Candidate:
Maria Helena Sampaio de Mendonça Montenegro e Almeida
Date Time and Location:
16 June 2026, 14:30, Sala de Atos, Faculdade de Engenharia da Universidade do Porto
President of the Jury:
Carlos Miguel Ferraz Baquero-Moreno (PhD), Full Professor at the Department of Informatics Engineering of the Faculdade de Engenharia da Universidade do Porto
Members:
Peter Johannes Schüffler (PhD), Professor at the Technical University of Munich, Germany;
Carlos Jorge Andrade Mariz Santiago (PhD), Research Assistant at the Robotics and Engineering Systems Laboratory (LARSyS) and Invited Assistant Professor of the Department of Electrical and Computer Engineering of the Instituto Superior Técnico da Universidade de Lisboa;
Jaime dos Santos Cardoso (PhD), Full Professor of the Department of Electrical and Computer Engineering of the Faculdade de Engenharia da Universidade do Porto (Supervisor);
Luís Filipe Pinto de Almeida Teixeira (PhD), Associate Professor of the Department of Informatics Engineering of the Faculdade de Engenharia da Universidade do Porto.
Abstract:
Artificial Intelligence models have been extensively applied to medical image analysis tasks over the past years, achieving outstanding results. However, the obscure reasoning of the models and the lack of supportive evidence causes both clinicians and patients to distrust their predictions, hindering their adoption in clinical practice. In recent years, the research community has focused on developing explanations capable of revealing a model’s reasoning. Among the various types of explanations, case-based explanations emerged as particularly intuitive for medical practitioners. While these types of explanations have been widely researched, they still possess limitations that compromise their real-world application. The main goal of this thesis is to overcome the limitations of medical case-based explanations, enabling their deployment in clinical practice.
To identify the main weaknesses of case-based explanations, we conduct a literature review on models that provide such explanations in healthcare. Through the analysis of existing works, we verify that the explanations raise privacy concerns by sharing sensitive images of patients, and lack the interactiveness required for clinicians to engage with the explanation. Furthermore, most works do not evaluate nor clinically validate the explanations through user studies with clinicians. Targeting these limitations, we propose deep generative models to obtain privacy-preserving, controllable and interactive explanations to explain the decisions of deep learning models.
To propose a privacy-preserving system for safely sharing case-based explanations, we start by reviewing the literature on image anonymisation techniques and identifying their vulnerabilities. In particular, we identify vulnerabilities by proposing two privacy attacks: a membership inference attack targeting deep generative models that generate synthetic images, and a superimposed image decomposition model to reverse the common anonymisation strategy of image averaging. After outlining the requirements that a privacy-preserving system for medical case-based explanations must fulfil, we propose privacy-preserving models capable of simultaneously anonymising medical images and generating counterfactual explanations. The proposed models rely on disentangled representation learning to separate identity and clinical traits, enabling their individual manipulation. Through this strategy, we can also separate and manipulate causal factors related with the clinical task to obtain controllable counterfactual explanations. To obtain interactive counterfactual explanations, we propose models to manipulate regions of medical images according to a segmentation mask, measuring their impact on a prediction. To evaluate the proposed models, we perform experiments on medical datasets like chest radiographs, verifying the models’ capacity to manipulate medical images for the purposes of generating explanations.

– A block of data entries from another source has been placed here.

(* Let $\mathbb{K}\in\{\mathbb{R},\mathbb{C}\}$, $X:=\mathbb{K}^n$ with $\langle\mathbf{x},\mathbf{y}\rangle_X:=\langle\mathbf{R}_X\mathbf{x},\mathbf{y}\rangle$ for a self-adjoint positive definite $\mathbf{R}_X$, and dual norm $\|\mathbf{y}'\|_{X'}:=\langle\mathbf{y}',\mathbf{R}_X^{-1}\mathbf{y}'\rangle^{1/2}$. Let $Z\subseteq Y\subseteq X$ be subspaces and $Y':=\{\mathbf{R}_X\mathbf{y}:\mathbf{y}\in Y\}$. Let $\mathbf{\Theta}\in\mathbb{K}^{k\times n}$ satisfy, for some $\varepsilon\in[0,1)$, $|\langle\mathbf{x},\mathbf{y}\rangle_X-\langle\mathbf{\Theta}\mathbf{x},\mathbf{\Theta}\mathbf{y}\rangle|\le\varepsilon\|\mathbf{x}\|_X\|\mathbf{y}\|_X$ for all $\mathbf{x},\mathbf{y}\in Y$. For $\mathbf{y}'\in Y'$ define $$\|\mathbf{y}'\|_{Z'}:=\max_{\mathbf{x}\in Z\setminus\{\mathbf{0}\}}\frac{|\langle\mathbf{y}',\mathbf{x}\rangle|}{\|\mathbf{x}\|_X},\qquad\|\mathbf{y}'\|_{Z'}^{\mathbf{\Theta}}:=\max_{\mathbf{x}\in Z\setminus\{\mathbf{0}\}}\frac{|\langle\mathbf{\Theta}\mathbf{R}_X^{-1}\mathbf{y}',\mathbf{\Theta}\mathbf{x}\rangle|}{\|\mathbf{\Theta}\mathbf{x}\|}.$$ Then for all $\mathbf{y}'\in Y'$, $$\frac{1}{\sqrt{1+\varepsilon}}\big(\|\mathbf{y}'\|_{Z'}-\varepsilon\|\mathbf{y}'\|_{X'}\big)\le\|\mathbf{y}'\|_{Z'}^{\mathbf{\Theta}}\le\frac{1}{\sqrt{1-\varepsilon}}\big(\|\mathbf{y}'\|_{Z'}+\varepsilon\|\mathbf{y}'\|_{X'}\big).$$
   Context: $\langle\mathbf{x},\mathbf{y}\rangle=\mathbf{x}^{\mathrm{H}}\mathbf{y}$ is the canonical inner product and $\|\cdot\|$ the Euclidean norm; $\|\cdot\|_X$ is the norm induced by $\langle\cdot,\cdot\rangle_X$. *)

From HB Require Import structures.
From mathcomp Require Import all_boot all_order all_algebra.
From mathcomp Require Import classical_sets reals.
From mathcomp Require Import complex.

Set Implicit Arguments.
Unset Strict Implicit.
Unset Printing Implicit Defensive.

Import Order.TTheory GRing.Theory Num.Theory.
Local Open Scope ring_scope.
Local Open Scope classical_set_scope.

(* Generic setting: R is the real field; K is the scalar field (K = R or
   K = R[i]), with conjugation [conj] (identity for K = R) and modulus
   [absK : K -> R]. Subspaces of
   K^n are represented by matrices whose row spaces (mxalgebra) contain the
   transposed vectors. *)
Section Generic.
Variables (R : realType) (K : numFieldType) (conj : K -> K) (absK : K -> R).

Definition dotK n (x y : 'cV[K]_n) : K := \sum_(i < n) conj (x i 0) * y i 0.

Definition enorm n (x : 'cV[K]_n) : R := Num.sqrt (absK (dotK x x)).

Definition inSub n (S : 'M[K]_n) (x : 'cV[K]_n) : Prop := (x^T <= S)%MS.

Definition dotX n (RX : 'M[K]_n) (x y : 'cV[K]_n) : K := dotK (RX *m x) y.
Definition normX n (RX : 'M[K]_n) (x : 'cV[K]_n) : R :=
  Num.sqrt (absK (dotX RX x x)).

Definition normXd n (RX : 'M[K]_n) (y' : 'cV[K]_n) : R :=
  Num.sqrt (absK (dotK y' (invmx RX *m y'))).

Definition normZd n (RX Z : 'M[K]_n) (y' : 'cV[K]_n) : R :=
  sup [set r : R | exists x : 'cV[K]_n,
        [/\ inSub Z x, x != 0 & r = absK (dotK y' x) / normX RX x]].

Definition normZdTheta n k (RX Z : 'M[K]_n) (Theta : 'M[K]_(k, n))
    (y' : 'cV[K]_n) : R :=
  sup [set r : R | exists x : 'cV[K]_n,
        [/\ inSub Z x, x != 0 &
            r = absK (dotK (Theta *m (invmx RX *m y')) (Theta *m x))
                / enorm (Theta *m x)]].

Definition selfadjoint n (M : 'M[K]_n) : Prop :=
  forall i j, M j i = conj (M i j).
Definition posdef n (M : 'M[K]_n) : Prop :=
  forall x : 'cV[K]_n, x != 0 -> 0 < dotK (M *m x) x.

Definition prop34_stmt : Prop :=
  forall (n k : nat) (RX : 'M[K]_n) (Y Z : 'M[K]_n) (Theta : 'M[K]_(k, n))
         (eps : R),
    selfadjoint RX -> posdef RX ->
    (Z <= Y)%MS ->
    0 <= eps -> eps < 1 ->
    (forall x y : 'cV[K]_n, inSub Y x -> inSub Y y ->
        absK (dotX RX x y - dotK (Theta *m x) (Theta *m y))
          <= eps * normX RX x * normX RX y) ->
    forall y' : 'cV[K]_n, (exists y, inSub Y y /\ y' = RX *m y) ->
      (Num.sqrt (1 + eps))^-1 * (normZd RX Z y' - eps * normXd RX y')
        <= normZdTheta RX Z Theta y' /\
      normZdTheta RX Z Theta y'
        <= (Num.sqrt (1 - eps))^-1 * (normZd RX Z y' + eps * normXd RX y').

End Generic.

Definition prop34_real (R : realType) : Prop :=
  @prop34_stmt R R id (fun z : R => `|z|).
Definition prop34_complex (R : realType) : Prop :=
  @prop34_stmt R (R[i]) (@conjc R) (@ComplexField.Normc.normc R).

(* Write y' = R_X y. Then <y', x> = <y, x>_X, <Theta R_X^-1 y', Theta x> =
   <Theta y, Theta x> and ||y'||_X' = ||y||_X, so the embedding hypothesis
   bounds the difference of the two numerators by eps ||y||_X ||x||_X, while
   its diagonal case gives sqrt(1 - eps) ||x||_X <= ||Theta x|| <=
   sqrt(1 + eps) ||x||_X. Comparing the two quotients for each x in Z and
   passing to suprema yields both inequalities. The real and complex cases are
   treated at once: K only needs a conjugation and a modulus that agree with
   the norm of K through an order embedding of R into K. *)

From HB Require Import structures.
From mathcomp Require Import all_boot all_order all_algebra.
From mathcomp Require Import classical_sets reals.
From mathcomp Require Import complex.
From mathcomp Require Import ring lra.

Set Implicit Arguments.
Unset Strict Implicit.
Unset Printing Implicit Defensive.
Import Order.TTheory GRing.Theory Num.Theory.
Local Open Scope ring_scope.
Local Open Scope classical_set_scope.

Lemma sqrt_scale_bounds (R : rcfType) (e a b : R) :
  0 <= e -> 0 <= a -> 0 <= b -> `|a ^+ 2 - b ^+ 2| <= e * a ^+ 2 ->
  Num.sqrt (1 - e) * a <= b <= Num.sqrt (1 + e) * a.
Proof.
move=> e0 a0 b0; rewrite ler_norml => /andP[lo hi].
have sqrt_mul c : 0 <= c -> Num.sqrt c * a = Num.sqrt (c * a ^+ 2).
  by move=> c0; rewrite sqrtrM // sqrtr_sqr ger0_norm.
rewrite -[b]ger0_norm // -sqrtr_sqr.
have [e1|e1] := lerP e 1.
  rewrite !sqrt_mul ?subr_ge0 ?addr_ge0 // !ler_sqrt ?sqr_ge0 ?mulr_ge0 //;
    [apply/andP; split; lra | lra].
rewrite ltr0_sqrtr ?subr_lt0 // mul0r sqrtr_ge0 sqrt_mul ?addr_ge0 //=.
by rewrite ler_sqrt ?mulr_ge0 ?addr_ge0 //; lra.
Qed.

Lemma ratio_perturb_bounds (R : realFieldType) (p q a b c s t : R) :
  0 <= q -> 0 < a -> 0 < s -> s * a <= b -> b <= t * a -> `|p - q| <= c * a ->
  p / a <= t * (q / b) + c /\ q / b <= s^-1 * (p / a) + s^-1 * c.
Proof.
move=> q0 a0 s0 sab bta; rewrite ler_norml => /andP[lo hi].
have b0 : 0 < b by apply: lt_le_trans sab; rewrite mulr_gt0.
set u := q / b; have u0 : 0 <= u by rewrite /u divr_ge0 // ltW.
have qE : q = u * b by rewrite /u divfK ?gt_eqF.
rewrite qE in lo hi; split.
  rewrite ler_pdivrMr //.
  have : u * b <= u * (t * a) by rewrite ler_wpM2l.
  nra.
rewrite -mulrDr ler_pdivlMl // -(ler_pM2r a0) mulrDl divfK ?gt_eqF //.
have : u * (s * a) <= u * b by rewrite ler_wpM2l.
nra.
Qed.

Lemma image_setIE (T U : Type) (A B : set T) (f : T -> U) :
  f @` (A `&` B) = [set r | exists x, [/\ A x, B x & r = f x]].
Proof.
apply/seteqP; split=> r /=.
  by case=> x [Ax Bx] <-; exists x.
by case=> x [Ax Bx ->]; exists x.
Qed.

Lemma sup_le_affine (R : realType) (T : Type) (A : set T) (f g : T -> R)
    (a b : R) :
  0 <= a -> 0 <= b -> has_ubound (g @` A) ->
  (forall x, A x -> f x <= a * g x + b) ->
  sup (f @` A) <= a * sup (g @` A) + b.
Proof.
move=> a0 b0 gub fg; have [->|/set0P[x0 Ax0]] := eqVneq A set0.
  by rewrite !image_set0 sup0 mulr0 add0r.
apply: ge_sup; first by exists (f x0), x0.
move=> _ [x Ax <-]; apply: le_trans (fg x Ax) _.
by rewrite lerD2r ler_wpM2l // (ub_le_sup gub); last by exists x.
Qed.

Section ScalarField.
Variables (R : realType) (K : numFieldType) (cj : {rmorphism K -> K})
  (absK : K -> R) (emb : {rmorphism R -> K}).
Hypothesis conjK : involutive cj.
Hypothesis mul_conj : forall z, cj z * z = `|z| ^+ 2.
Hypothesis emb_absK : forall z, emb (absK z) = `|z|.
Hypothesis ler_emb : {mono emb : a b / a <= b}.

Lemma ltr_emb : {mono emb : a b / a < b}.
Proof. by move=> a b; rewrite !lt_def ler_emb (inj_eq (fmorph_inj emb)). Qed.

Lemma normr_emb r : `|emb r| = emb `|r|.
Proof.
have [r0|r0] := leP 0 r.
  by rewrite !ger0_norm // -(rmorph0 emb) ler_emb.
by rewrite !ltr0_norm ?rmorphN // -(rmorph0 emb) ltr_emb.
Qed.

Lemma absK_emb r : absK (emb r) = `|r|.
Proof. by apply: (fmorph_inj emb); rewrite emb_absK normr_emb. Qed.

Lemma absK_ge0 z : 0 <= absK z.
Proof. by rewrite -ler_emb rmorph0 emb_absK. Qed.

Lemma ger0_emb_absK z : 0 <= z -> emb (absK z) = z.
Proof. by move=> z0; rewrite emb_absK ger0_norm. Qed.

Lemma absK_dist u v : `|absK u - absK v| <= absK (u - v).
Proof. by rewrite -ler_emb -normr_emb rmorphB !emb_absK ler_dist_dist. Qed.

Local Notation dot := (dotK cj).
Local Notation norm := (enorm cj absK).

Lemma dotK0l n (z : 'cV[K]_n) : dot 0 z = 0.
Proof. by rewrite /dotK big1 // => i _; rewrite mxE rmorph0 mul0r. Qed.

Lemma dotKBl n (x y z : 'cV[K]_n) : dot (x - y) z = dot x z - dot y z.
Proof.
by rewrite /dotK -sumrB; apply: eq_bigr => i _; rewrite !mxE rmorphB mulrBl.
Qed.

Lemma dotKBr n (x y z : 'cV[K]_n) : dot z (x - y) = dot z x - dot z y.
Proof.
by rewrite /dotK -sumrB; apply: eq_bigr => i _; rewrite !mxE mulrBr.
Qed.

Lemma dotKZl n c (x z : 'cV[K]_n) : dot (c *: x) z = cj c * dot x z.
Proof.
by rewrite /dotK mulr_sumr; apply: eq_bigr => i _; rewrite mxE rmorphM mulrA.
Qed.

Lemma dotKZr n c (x z : 'cV[K]_n) : dot z (c *: x) = c * dot z x.
Proof.
by rewrite /dotK mulr_sumr; apply: eq_bigr => i _; rewrite mxE mulrCA.
Qed.

Lemma conj_dotK n (x y : 'cV[K]_n) : cj (dot x y) = dot y x.
Proof.
rewrite /dotK rmorph_sum; apply: eq_bigr => i _.
by rewrite rmorphM conjK mulrC.
Qed.

Lemma dotK_ge0 n (x : 'cV[K]_n) : 0 <= dot x x.
Proof. by apply: sumr_ge0 => i _; rewrite mul_conj exprn_ge0. Qed.

Lemma dotK_gt0 n (x : 'cV[K]_n) : x != 0 -> 0 < dot x x.
Proof.
apply: contraNT; rewrite lt0r dotK_ge0 andbT negbK => /eqP x0.
apply/eqP/matrixP => i j; rewrite (ord1 j) !mxE.
have terms_ge0 k : true -> 0 <= cj (x k 0) * x k 0.
  by rewrite mul_conj exprn_ge0.
have /eqP := psumr_eq0P terms_ge0 x0 (i := i) isT.
by rewrite mul_conj sqrf_eq0 normr_eq0 => /eqP.
Qed.

Lemma emb_sqr_enorm n (x : 'cV[K]_n) : emb (norm x ^+ 2) = dot x x.
Proof. by rewrite sqr_sqrtr ?absK_ge0 // ger0_emb_absK // dotK_ge0. Qed.

Lemma dotK_CauchySchwarz_sqr n (a b : 'cV[K]_n) :
  `|dot a b| ^+ 2 <= dot a a * dot b b.
Proof.
have [->|a0] := eqVneq a 0; first by rewrite !dotK0l normr0 expr0n mul0r.
set al := dot a a; set be := dot a b.
have al_gt0 : 0 < al := dotK_gt0 a0.
have conj_al : cj al = al by rewrite conj_dotK.
have proj : dot (al *: b - be *: a) (al *: b - be *: a)
    = al * (al * dot b b - `|be| ^+ 2).
  rewrite !dotKBl !dotKBr !dotKZl !dotKZr conj_al -mul_conj -[dot b a]conj_dotK.
  rewrite -/al -/be; ring.
by have := dotK_ge0 (al *: b - be *: a); rewrite proj pmulr_rge0 // subr_ge0.
Qed.

Lemma dotK_CauchySchwarz n (a b : 'cV[K]_n) : absK (dot a b) <= norm a * norm b.
Proof.
rewrite -ler_sqr ?nnegrE ?mulr_ge0 ?absK_ge0 ?sqrtr_ge0 // -ler_emb.
rewrite rmorphXn emb_absK exprMn rmorphM !emb_sqr_enorm.
exact: dotK_CauchySchwarz_sqr.
Qed.

Lemma dotK_div_enorm_le n (u v : 'cV[K]_n) : absK (dot u v) / norm v <= norm u.
Proof.
have [->|v0] := eqVneq (norm v) 0; first by rewrite invr0 mulr0 sqrtr_ge0.
by rewrite ler_pdivrMr ?dotK_CauchySchwarz // lt0r v0 sqrtr_ge0.
Qed.

Local Notation dotX := (dotX cj).
Local Notation normX := (normX cj absK).

Lemma posdef_unitmx n (M : 'M[K]_n) : posdef cj M -> M \in unitmx.
Proof.
move=> Mpd; rewrite unitmxE unitfE -det_tr; apply/det0P => -[v v0 vM].
have := Mpd v^T; rewrite trmx_eq0 => /(_ v0).
by rewrite -[M]trmxK -trmx_mul vM trmx0 dotK0l ltxx.
Qed.

Lemma posdef_dotX_ge0 n (M : 'M[K]_n) x : posdef cj M -> 0 <= dotX M x x.
Proof.
move=> Mpd; have [->|x0] := eqVneq x 0; last exact/ltW/Mpd.
by rewrite /dotX mulmx0 dotK0l.
Qed.

Lemma emb_sqr_normX n (M : 'M[K]_n) x :
  posdef cj M -> emb (normX M x ^+ 2) = dotX M x x.
Proof.
by move=> Mpd; rewrite sqr_sqrtr ?absK_ge0 // ger0_emb_absK ?posdef_dotX_ge0.
Qed.

Lemma normX_gt0 n (M : 'M[K]_n) x : posdef cj M -> x != 0 -> 0 < normX M x.
Proof.
move=> Mpd x0; rewrite sqrtr_gt0 -ltr_emb rmorph0 ger0_emb_absK.
  exact: Mpd.
exact: posdef_dotX_ge0.
Qed.

Section Embedding.
Variables (n k : nat) (RX Y : 'M[K]_n) (Theta : 'M[K]_(k, n)) (eps : R).
Hypothesis RX_posdef : posdef cj RX.
Hypothesis eps_ge0 : 0 <= eps.
Hypothesis eps_lt1 : eps < 1.
Hypothesis Theta_embedding : forall x y, inSub Y x -> inSub Y y ->
  absK (dotX RX x y - dot (Theta *m x) (Theta *m y))
    <= eps * normX RX x * normX RX y.

Lemma embedding_enorm_bounds x : inSub Y x ->
  Num.sqrt (1 - eps) * normX RX x <= norm (Theta *m x)
    <= Num.sqrt (1 + eps) * normX RX x.
Proof.
move=> xY; apply: sqrt_scale_bounds; rewrite ?sqrtr_ge0 //.
have := Theta_embedding xY xY.
by rewrite -emb_sqr_normX // -emb_sqr_enorm -rmorphB absK_emb -mulrA -expr2.
Qed.

Lemma dual_ratio_bounds y x : inSub Y y -> inSub Y x -> x != 0 ->
  absK (dotX RX y x) / normX RX x
    <= Num.sqrt (1 + eps) * (absK (dot (Theta *m y) (Theta *m x))
                               / norm (Theta *m x)) + eps * normX RX y
  /\ absK (dot (Theta *m y) (Theta *m x)) / norm (Theta *m x)
    <= (Num.sqrt (1 - eps))^-1 * (absK (dotX RX y x) / normX RX x)
       + (Num.sqrt (1 - eps))^-1 * (eps * normX RX y).
Proof.
move=> yY xY x0; have /andP[lo hi] := embedding_enorm_bounds xY.
apply: ratio_perturb_bounds lo hi _; rewrite ?absK_ge0 ?normX_gt0 //.
  by rewrite sqrtr_gt0 subr_gt0.
by apply: le_trans (absK_dist _ _) _; apply: Theta_embedding.
Qed.

End Embedding.

Theorem prop34_generic : prop34_stmt cj absK.
Proof.
move=> n k RX Y Z Theta eps _ RXpd ZY eps0 eps1 Theta_emb _ [y [yY ->]].
rewrite /normXd /normZdTheta mulKmx ?posdef_unitmx // /normZd -!image_setIE.
rewrite -/(normX RX y).
set A := (_ `&` _); set p := (fun x => _ / normX RX x).
set q := (fun x => _ / norm _).
set s1 := Num.sqrt (1 + eps); set s2 := Num.sqrt (1 - eps).
have bounds x : A x -> p x <= s1 * q x + eps * normX RX y /\
    q x <= s2^-1 * p x + s2^-1 * (eps * normX RX y).
  case=> xZ x0; have xY := submx_trans xZ ZY.
  exact: (dual_ratio_bounds RXpd eps0 eps1 Theta_emb yY xY x0).
have q_ub : has_ubound (q @` A).
  by exists (norm (Theta *m y)) => _ [x _ <-]; apply: dotK_div_enorm_le.
have p_ub : has_ubound (p @` A).
  exists (s1 * norm (Theta *m y) + eps * normX RX y) => _ [x Ax <-].
  apply: le_trans (bounds x Ax).1 _.
  by rewrite lerD2r ler_wpM2l ?sqrtr_ge0 ?dotK_div_enorm_le.
have ny0 : 0 <= eps * normX RX y by rewrite mulr_ge0 ?sqrtr_ge0.
have s1_gt0 : 0 < s1 by rewrite sqrtr_gt0; lra.
have s2_gt0 : 0 < s2 by rewrite sqrtr_gt0; lra.
split.
  rewrite ler_pdivrMl // lerBlDr.
  by apply: sup_le_affine => //; [exact: ltW | move=> x /bounds[]].
have s2V_ge0 : 0 <= s2^-1 by rewrite invr_ge0 ltW.
rewrite mulrDr; apply: sup_le_affine => //; first exact: mulr_ge0.
by move=> x /bounds[].
Qed.

End ScalarField.

Theorem proposition3p4 (R : realType) : prop34_real R /\ prop34_complex R.
Proof.
split.
  apply: (@prop34_generic R R idfun _ idfun) => // z.
  by rewrite real_normK ?num_real // expr2.
apply: (@prop34_generic R R[i] conjc _ (real_complex R)).
- exact: conjcK.
- by move=> z; rewrite sqr_normc mulrC.
- by [].
- exact: lecR.
Qed.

Finally, to show the wide applicability of the proposed models beyond their original purpose of generating case-based explanations, we apply them as decision-support systems in healthcare. More specifically, we adapt the models for predicting the aesthetic outcomes of breast cancer treatment, to facilitate the patients’ choice of treatment. Furthermore, we conduct a clinical study with breast surgeons from various health institutes to assess the predictions of the proposed models.
To conclude, through various contributions on explainable Artificial Intelligence and decision-support systems, this thesis contributes towards the safe use of trustworthy and privacy-preserving Artificial Intelligence models in healthcare.